(Story updated at 2:50 p.m. ET)
Only four hospitals have achieved Stage 2 meaningful use
of electronic health records
seven months into the reporting period for hospitals enrolled in the federal EHR incentive-payment program, a CMS
official reported today.
Among physicians and other eligible professionals—who are four months into their reporting year—only 50 have attested to Stage 2 meaningful use, said Elisabeth Myers, policy and outreach lead at the CMS' Office of eHealth Standards and Services, during a presentation to the agency's Health Information Technology Policy Committee.
Those low numbers mean that many hospitals and vendors will be under tremendous pressure in the closing months of their incentive payment years to hit Stage 2 or suffer lower Medicare reimbursements.
Asked by a committee member if the Stage 2 program was successful, Myers said, “We don't have enough data.”
The first Stage 2 attestation period for hospitals began at the start of the federal fiscal year, Oct. 1, 2013. Their second 90-day period started Jan. 1, 2014. Under current program rules, hospitals that have completed two or three years of meaningful use at Stage 1 of the Medicare portion of the program have to advance and achieve 90 consecutive days of meaningful use at more stringent Stage 2 meaningful-use levels during the 2014 fiscal year, or face losing their incentive payments and incurring a 1% reduction in future Medicare reimbursements.
Physicians and other eligible professionals who have attested to two or more years at Stage 1 of the Medicare EHR incentive program also must step up to Stage 2, but must do so by the end of 2014. The payment year for physicians and other professionals is measured by the calendar year; consequently, their first 90-day attestation period began Jan. 1, 2014.
More than 90% of hospitals and nearly 70% of physicians and other eligible professionals have been paid under the Medicare, Medicaid and Medicare Advantage portions of the EHR incentive payment program, sharing $22.9 billion in payments, most under Stage 1, according to the latest CMS data
According to survey data from the American Hospital Association conducted between November 2013 and February 2014, roughly three-fourths of hospitals surveyed had already installed electronic health record systems that were capable of carrying out 15 of 21 selected Stage 2 functions, but only 10% had systems that would allow patients to view, download and transmit their EHR information. Less than half of EHRs, (49%) could create a summary of care.
Some of the pushback in the provider community on the Stage 2 program stems from reports that vendors—also beset with product upgrades to meet ICD-10 coding requirements—have been late in readying their systems for the demands of the EHR incentive-payment program.

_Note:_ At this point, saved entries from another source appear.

Fixpoint dist (t : wtree) (a b : 'I_n) : R :=
  if a == b then 0 else
  match t with
  | WLeaf _ => 0
  | WNode w1 w2 t1 t2 =>
      if (a \in leaves t1) && (b \in leaves t1) then dist t1 a b
      else if (a \in leaves t2) && (b \in leaves t2) then dist t2 a b
      else leaf_depth t a + leaf_depth t b
  end.

(* unordered triples of distinct leaves, represented as a < b < c *)
Definition triple : Type :=
  {t : 'I_n * 'I_n * 'I_n | (t.1.1 < t.1.2)%N && (t.1.2 < t.2)%N}.

(* An outcome of Q(a,b,c) is encoded by k : 'I_3, the element NOT in the
   returned pair: k = 0 -> (b,c), k = 1 -> (a,c), k = 2 -> (a,b). *)
Definition outcomes : Type := {ffun triple -> 'I_3}.

(* Pr[Q(a,b,c) = pair excluding k] in the homogeneous noise model *)
Definition qprob (t : wtree) (tr : triple) (k : 'I_3) : R :=
  let a := (val tr).1.1 in let b := (val tr).1.2 in let c := (val tr).2 in
  let S := dist t a b + dist t b c + dist t a c in
  match val k with
  | 0%N => (dist t b a + dist t c a) / (2 * S)
  | 1%N => (dist t a b + dist t c b) / (2 * S)
  | _   => (dist t a c + dist t b c) / (2 * S)
  end.

(* independent experiments on all triples: product distribution *)
Definition outcome_prob (t : wtree) (f : outcomes) : R :=
  \prod_(tr : triple) qprob t tr (f tr).

Definition Pr (t : wtree) (E : pred outcomes) : R :=
  \sum_(f : outcomes | E f) outcome_prob t f.

Definition valid_tree (tau : R) (t : wtree) : Prop :=
  [/\ perm_eq (leaves t) (enum 'I_n),
      ordered_children t,
      all (fun x => x == 1) (path_weights t)
    & all (fun w => tau * ln (n%:R) / Num.sqrt (n%:R) <= w) (edge_weights t)].

End Trees.

Arguments WLeaf {R n}.
Arguments BLeaf {n}.

From HB Require Import structures.
From mathcomp Require Import all_boot all_order all_algebra.
From mathcomp Require Import reals sequences exp.
From mathcomp Require Import ring lra zify.
Set Implicit Arguments. Unset Strict Implicit. Unset Printing Implicit Defensive.
Import Order.TTheory GRing.Theory Num.Theory.
Local Open Scope ring_scope.

(* Fix a vertex u of the subtree of lc_r, with children X and Y, and leaves x of X
   and y of Y.  For every leaf c of rc_r the tree is an ultrametric of height 1, so
   d(x, y) = 2 h_u and d(x, c) = d(y, c) = 2: the experiment on {x, y, c} returns the
   pair (x, y) with probability 4 / (2 (2 h_u + 4)) = 1 / (h_u + 2).  Since
   NL(rc_r) >= n / 2, there are at least n / 2 such independent experiments, and a
   Chernoff bound puts the empirical frequency r of (x, y) within 6 sqrt(log n / n)
   of 1 / (h_u + 2) except with probability 2 n^-2; then 1 / r - 2 estimates h_u
   within 108 sqrt(log n / n).  A union bound over the at most n vertices of the
   subtree of lc_r concludes.  The argument only needs positive edge weights, so
   tau = 1 suffices. *)

Lemma expR_le_quadratic (R : realType) (x : R) :
  x <= 2^-1 -> expR x <= 1 + x + 2 * x ^+ 2.
Proof.
move=> x_le; have quad_gt0 : 0 < 1 + x + 2 * x ^+ 2 by nra.
(* (1 - x) (1 + x + 2 x^2) = 1 + x^2 (1 - 2 x) >= 1 and 1 - x <= expR (- x) *)
rewrite -[expR x]invrK -expRN -[X in _ <= X]invrK.
rewrite lef_pV2 ?posrE ?expR_gt0 ?invr_gt0 //.
apply: le_trans (expR_ge1Dx (- x)).
by rewrite -(@ler_pM2r _ (1 + x + 2 * x ^+ 2)) // mulVf ?gt_eqF //; nra.
Qed.

Section ProductProbability.
Variables (R : realType) (I J : finType) (q : I -> J -> R).
Hypothesis q_ge0 : forall i j, 0 <= q i j.
Hypothesis q_sum1 : forall i, \sum_j q i j = 1.

Definition prodw (f : {ffun I -> J}) : R := \prod_i q i (f i).

Definition prob (E : pred {ffun I -> J}) : R := \sum_(f | E f) prodw f.

Lemma prodw_ge0 f : 0 <= prodw f.
Proof. by apply: prodr_ge0 => i _; apply: q_ge0. Qed.

Lemma sum_prodw_prod (G : I -> J -> R) :
  \sum_f prodw f * \prod_i G i (f i) = \prod_i \sum_j q i j * G i j.
Proof.
rewrite (bigA_distr_bigA (fun i j => q i j * G i j)).
by apply: eq_bigr => f _; rewrite -big_split.
Qed.

Lemma sum_prodw : \sum_f prodw f = 1.
Proof.
transitivity (\sum_f prodw f * \prod_(i : I) (fun _ _ => 1 : R) i (f i)).
  by apply: eq_bigr => f _; rewrite big1_eq mulr1.
rewrite (sum_prodw_prod (fun _ _ => 1)); apply: big1 => i _.
by under eq_bigr do rewrite mulr1.
Qed.

Lemma probNE (E : pred {ffun I -> J}) : prob E = 1 - prob (fun f => ~~ E f).
Proof. by rewrite /prob -sum_prodw (bigID E predT) addrK. Qed.

Lemma prob_le (E E' : pred {ffun I -> J}) :
  (forall f, E f -> E' f) -> prob E <= prob E'.
Proof.
move=> sub; rewrite /prob [leLHS]big_mkcond [leRHS]big_mkcond.
apply: ler_sum => f _; case Ef: (E f); first by rewrite (sub f Ef).
by case: (E' f); rewrite ?prodw_ge0.
Qed.

Lemma probU_le (E1 E2 : pred {ffun I -> J}) :
  prob (fun f => E1 f || E2 f) <= prob E1 + prob E2.
Proof.
rewrite /prob big_mkcond (big_mkcond E1) (big_mkcond E2) -big_split /=.
apply: ler_sum => f _; have := prodw_ge0 f.
by case: (E1 f); case: (E2 f) => /=; lra.
Qed.

Lemma prob_all_ge (S : Type) (P : S -> pred {ffun I -> J}) (l : seq S) :
  1 - \sum_(s <- l) prob (fun f => ~~ P s f) <= prob (fun f => all (P^~ f) l).
Proof.
rewrite probNE lerD2l lerN2; elim: l => [|s l IH].
  by rewrite big_nil /prob big_pred0.
rewrite big_cons; apply: le_trans (lerD (lexx _) IH).
by apply: le_trans (probU_le _ _); apply: prob_le => f /=; rewrite negb_and.
Qed.

Lemma centered_mgf_le i (Y : J -> R) (l : R) :
  (forall j, -1 <= Y j <= 1) -> \sum_j q i j * Y j = 0 -> 0 <= l <= 2^-1 ->
  \sum_j q i j * expR (l * Y j) <= expR (2 * l ^+ 2).
Proof.
move=> Y_bd Y_mean l_bd.
apply: le_trans (expR_ge1Dx _).
have -> : 1 + 2 * l ^+ 2 = \sum_j q i j * (1 + l * Y j + 2 * l ^+ 2).
  under eq_bigr do rewrite !mulrDr mulrCA.
  by rewrite !big_split /= -!mulr_sumr -!mulr_suml Y_mean q_sum1; ring.
apply: ler_sum => j _; apply: ler_wpM2l => //.
have /andP [Y_ge Y_le] := Y_bd j.
apply: le_trans (expR_le_quadratic _) _; first by nra.
by rewrite lerD2l ler_wpM2l // exprMn ler_piMr ?sqr_ge0 //; nra.
Qed.

Lemma chernoff_upper (A : {set I}) (Y : I -> J -> R) (t : R) :
  (forall i j, -1 <= Y i j <= 1) ->
  (forall i, i \in A -> \sum_j q i j * Y i j = 0) -> 0 <= t <= 2 ->
  prob (fun f => #|A|%:R * t <= \sum_(i in A) Y i (f i))
    <= expR (- (#|A|%:R * t ^+ 2 / 8)).
Proof.
move=> Y_bd Y_mean t_bd; set m : R := #|A|%:R; pose l := t / 4.
pose G i j := if i \in A then expR (l * Y i j) else 1.
have G_ge0 i j : 0 <= G i j by rewrite /G; case: ifP; rewrite ?expR_ge0.
have prodG f : \prod_i G i (f i) = expR (l * \sum_(i in A) Y i (f i)).
  rewrite mulr_sumr expR_sum [RHS]big_mkcond.
  by apply: eq_bigr => i _; rewrite /G; case: ifP.
(* exponential Markov inequality, then independence *)
apply: (@le_trans _ _ (\sum_f prodw f * (expR (- (l * m * t)) * \prod_i G i (f i)))).
  rewrite /prob big_mkcond /=; apply: ler_sum => f _; case: ifP => mt_le; last first.
    by rewrite !mulr_ge0 ?prodw_ge0 ?expR_ge0 ?prodr_ge0.
  rewrite -[leLHS]mulr1 ler_wpM2l ?prodw_ge0 // prodG -expRD.
  by apply: le_trans (expR_ge1Dx _); rewrite lerDl /l; nra.
under eq_bigr do rewrite mulrCA.
rewrite -mulr_sumr sum_prodw_prod.
apply: (@le_trans _ _ (expR (- (l * m * t)) * expR (2 * l ^+ 2) ^+ #|A|)).
  rewrite ler_wpM2l ?expR_ge0 // -prodr_const [leRHS]big_mkcond /=.
  apply: ler_prod => i _; apply/andP; split.
    by apply: sumr_ge0 => j _; rewrite mulr_ge0.
  rewrite /G; case: ifP => iA.
    apply: centered_mgf_le; [exact: Y_bd | exact: Y_mean | ].
    by apply/andP; split; rewrite /l; lra.
  by rewrite -[leRHS](q_sum1 i); under eq_bigr do rewrite mulr1.
rewrite -expRM_natl -expRD ler_expR -/m le_eqVlt; apply/orP; left.
by apply/eqP; rewrite /l; field.
Qed.

Lemma chernoff (A : {set I}) (Y : I -> J -> R) (t : R) :
  (forall i j, -1 <= Y i j <= 1) ->
  (forall i, i \in A -> \sum_j q i j * Y i j = 0) -> 0 <= t <= 2 ->
  prob (fun f => #|A|%:R * t <= `|\sum_(i in A) Y i (f i)|)
    <= 2 * expR (- (#|A|%:R * t ^+ 2 / 8)).
Proof.
move=> Y_bd Y_mean t_bd.
have NY_bd i j : -1 <= - Y i j <= 1 by have := Y_bd i j; lra.
have NY_mean i : i \in A -> \sum_j q i j * - Y i j = 0.
  by move=> iA; under eq_bigr do rewrite mulrN; rewrite sumrN Y_mean ?oppr0.
apply: (@le_trans _ _ (prob (fun f => #|A|%:R * t <= \sum_(i in A) Y i (f i))
  + prob (fun f => #|A|%:R * t <= \sum_(i in A) - Y i (f i)))).
  apply: le_trans (probU_le _ _); apply: prob_le => f.
  by rewrite ler_normr sumrN.
rewrite mulr2n mulrDl mul1r.
by apply: lerD; [exact: chernoff_upper Y_bd Y_mean t_bd
               | exact: chernoff_upper NY_bd NY_mean t_bd].
Qed.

In 2014, all providers that qualify for the program at either Stage 1 or Stage 2, must use EHRs that have been tested and certified to new functional criteria, the so-called “2014 Edition” software standards.
Hospitals are faring somewhat better than physicians in their vendor readiness for needed EHR systems upgrades to meet Stage 2 criteria, according to data presented by Jennifer King, acting director, office of economic analysis, education and modeling, at the HHS' Office of the National Coordinator for Health Information Technology.

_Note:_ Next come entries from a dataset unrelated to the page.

(* For all $n,k\in\mathbb{N}$, the logics $L^k(\mathcal{Q}^{\mathrm{b}}_n)$ and $\mathcal{L}^{k}_{\infty}(\mathcal{Q}_n)$ are equivalent: for every relational signature $\sigma$, every formula of either logic over $\sigma$ is equivalent (on all $\sigma$-structures and all assignments of its free variables) to a formula of the other logic with the same free variables.
   Context: Generalised quantifiers: for a finite relational signature $\tau$ and a class $K$ of $\tau$-structures closed under isomorphism, $Q_K$ has arity equal to the maximum arity of a relation in $\tau$; $Q_K\bar x\,(\phi_R(\bar x_R,\bar y_R))_{R\in\tau}$ holds in $(\mathcal{A},\bar a)$ iff the $\tau$-structure with universe $A$ and each $R$ interpreted as the set of tuples $\bar b$ with $\mathcal{A}\models\phi_R(\bar b,\bar a)$ belongs to $K$. $K$ is bijection-closed if whenever $\mathcal{C}\in K$ and $f:\mathcal{C}\to\mathcal{D}$ is a bijective homomorphism, $\mathcal{D}\in K$. $\mathcal{L}^{k}_{\infty}(\mathcal{Q}_n)$: formulas in the $k$ variables $x_1,\dots,x_k$ of infinitary logic (atomic formulas, negation, conjunctions and disjunctions over arbitrary sets, $\exists$, $\forall$) extended with all generalised quantifiers $Q_K$ of arity $n$. $L^k(\mathcal{Q}^{\mathrm{b}}_n)$: the smallest class of $k$-variable formulas containing atomic and negated atomic formulas, closed under arbitrary conjunctions and disjunctions and under application of $Q_K$ for every bijection-closed class $K$ with $Q_K$ of arity $n$ (negation is only allowed on atoms). *)

From mathcomp Require Import all_boot.


Record structure (S : Type) (ar : S -> nat) := Structure {
  dom : finType;
  rel : forall R : S, ('I_(ar R) -> dom) -> Prop }.
Arguments dom {S ar} s.
Arguments rel {S ar} s R _.
Arguments Structure {S} ar dom rel.

Definition is_iso (S : Type) (ar : S -> nat) (C D : structure S ar)
  (f : dom C -> dom D) : Prop :=
  bijective f /\ forall (R : S) (t : 'I_(ar R) -> dom C), rel C R t <-> rel D R (f \o t).

Definition is_bij_hom (S : Type) (ar : S -> nat) (C D : structure S ar)
  (f : dom C -> dom D) : Prop :=
  bijective f /\ forall (R : S) (t : 'I_(ar R) -> dom C), rel C R t -> rel D R (f \o t).

Definition iso_closed (S : Type) (ar : S -> nat) (K : structure S ar -> Prop) : Prop :=
  forall (C D : structure S ar) (f : dom C -> dom D), is_iso S ar C D f -> K C -> K D.

Definition bij_closed (S : Type) (ar : S -> nat) (K : structure S ar -> Prop) : Prop :=
  forall (C D : structure S ar) (f : dom C -> dom D), is_bij_hom S ar C D f -> K C -> K D.

Definition qarity (tau : finType) (ar : tau -> nat) : nat := \max_(R : tau) ar R.

Section Syntax.
Variables (S : Type) (arS : S -> nat) (k : nat).

(* FQ tau ar K vars psi  is  Q_K xbar (psi_R(xbar_R, ...))_{R in tau},
   where vars R : 'I_(ar R) -> 'I_k is the tuple of variables xbar_R bound in psi_R. *)
Inductive fml : Type :=
| FEq  : 'I_k -> 'I_k -> fml
| FRel : forall R : S, ('I_(arS R) -> 'I_k) -> fml
| FNot : fml -> fml
| FAnd : forall I : Type, (I -> fml) -> fml
| FOr  : forall I : Type, (I -> fml) -> fml
| FEx  : 'I_k -> fml -> fml
| FAll : 'I_k -> fml -> fml
| FQ   : forall (tau : finType) (ar : tau -> nat) (K : structure tau ar -> Prop),
           (forall R : tau, 'I_(ar R) -> 'I_k) -> (tau -> fml) -> fml.

Definition upd (T : Type) (s : 'I_k -> T) (i : 'I_k) (a : T) : 'I_k -> T :=
  fun j => if j == i then a else s j.

(* For the quantifier case the tuple b belongs to the defined
   relation R iff psi_R holds under an assignment that agrees with s off the
   variables vars R and sends vars R j to b j (the usual reading of
   "A |= psi_R(b, a)"; if vars R has repetitions, b must respect them). *)
Fixpoint sat (A : structure S arS) (phi : fml) (s : 'I_k -> dom A) {struct phi} : Prop :=
  match phi with
  | FEq i j => s i = s j
  | FRel R v => rel A R (s \o v)
  | FNot p => ~ sat A p s
  | FAnd J F => forall x : J, sat A (F x) s
  | FOr J F => exists x : J, sat A (F x) s
  | FEx i p => exists a : dom A, sat A p (upd (dom A) s i a)
  | FAll i p => forall a : dom A, sat A p (upd (dom A) s i a)
  | FQ tau ar K vars psi =>
      K (@Structure tau ar (dom A)
           (fun R b => exists s' : 'I_k -> dom A,
               (forall v, (forall j, vars R j <> v) -> s' v = s v) /\
               (forall j, s' (vars R j) = b j) /\
               sat A (psi R) s'))
  end.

As of April, 95% of hospitals that have already attested to having previously met Stage 1 meaningful use are deemed by the ONC as “likely” they'll be able to upgrade their current products, or add new products from their current vendors to meet the 2014 Edition “base EHR,” according to a presentation from King using an ONC analysis of program data.
For physicians and other professionals who have previously attested to meaningful use, 83% are using EHRs in which it's likely they can upgrade to a 2014 Edition EHR without needing to switch vendors. Of those that have attested previously, 5% of hospitals and 17% of physicians and other eligible professionals are currently using systems that don't have a 2014 certified-base EHR product.
Presumably, those providers will either have to wait for their vendors to upgrade, test and certify their products, or switch to another vendor's system if they expect to make Stage 2.
For some medical specialists, radiologists, pathologists and anesthesiologists, 24% are using a vendor's product that hasn't been tested and certified to 2014 Edition certified-base EHR standards, King reported. Non-physician “eligible professionals” fare far worse, with 44% of podiatrists and 87% of chiropractors using systems from vendors that don't yet have a 2014 Edition certified-base EHR product.
One problem with “base EHRs” as a gauge for Stage 2 preparedness, however, is that providers cannot meet Stage 2 requirements with a base EHR alone.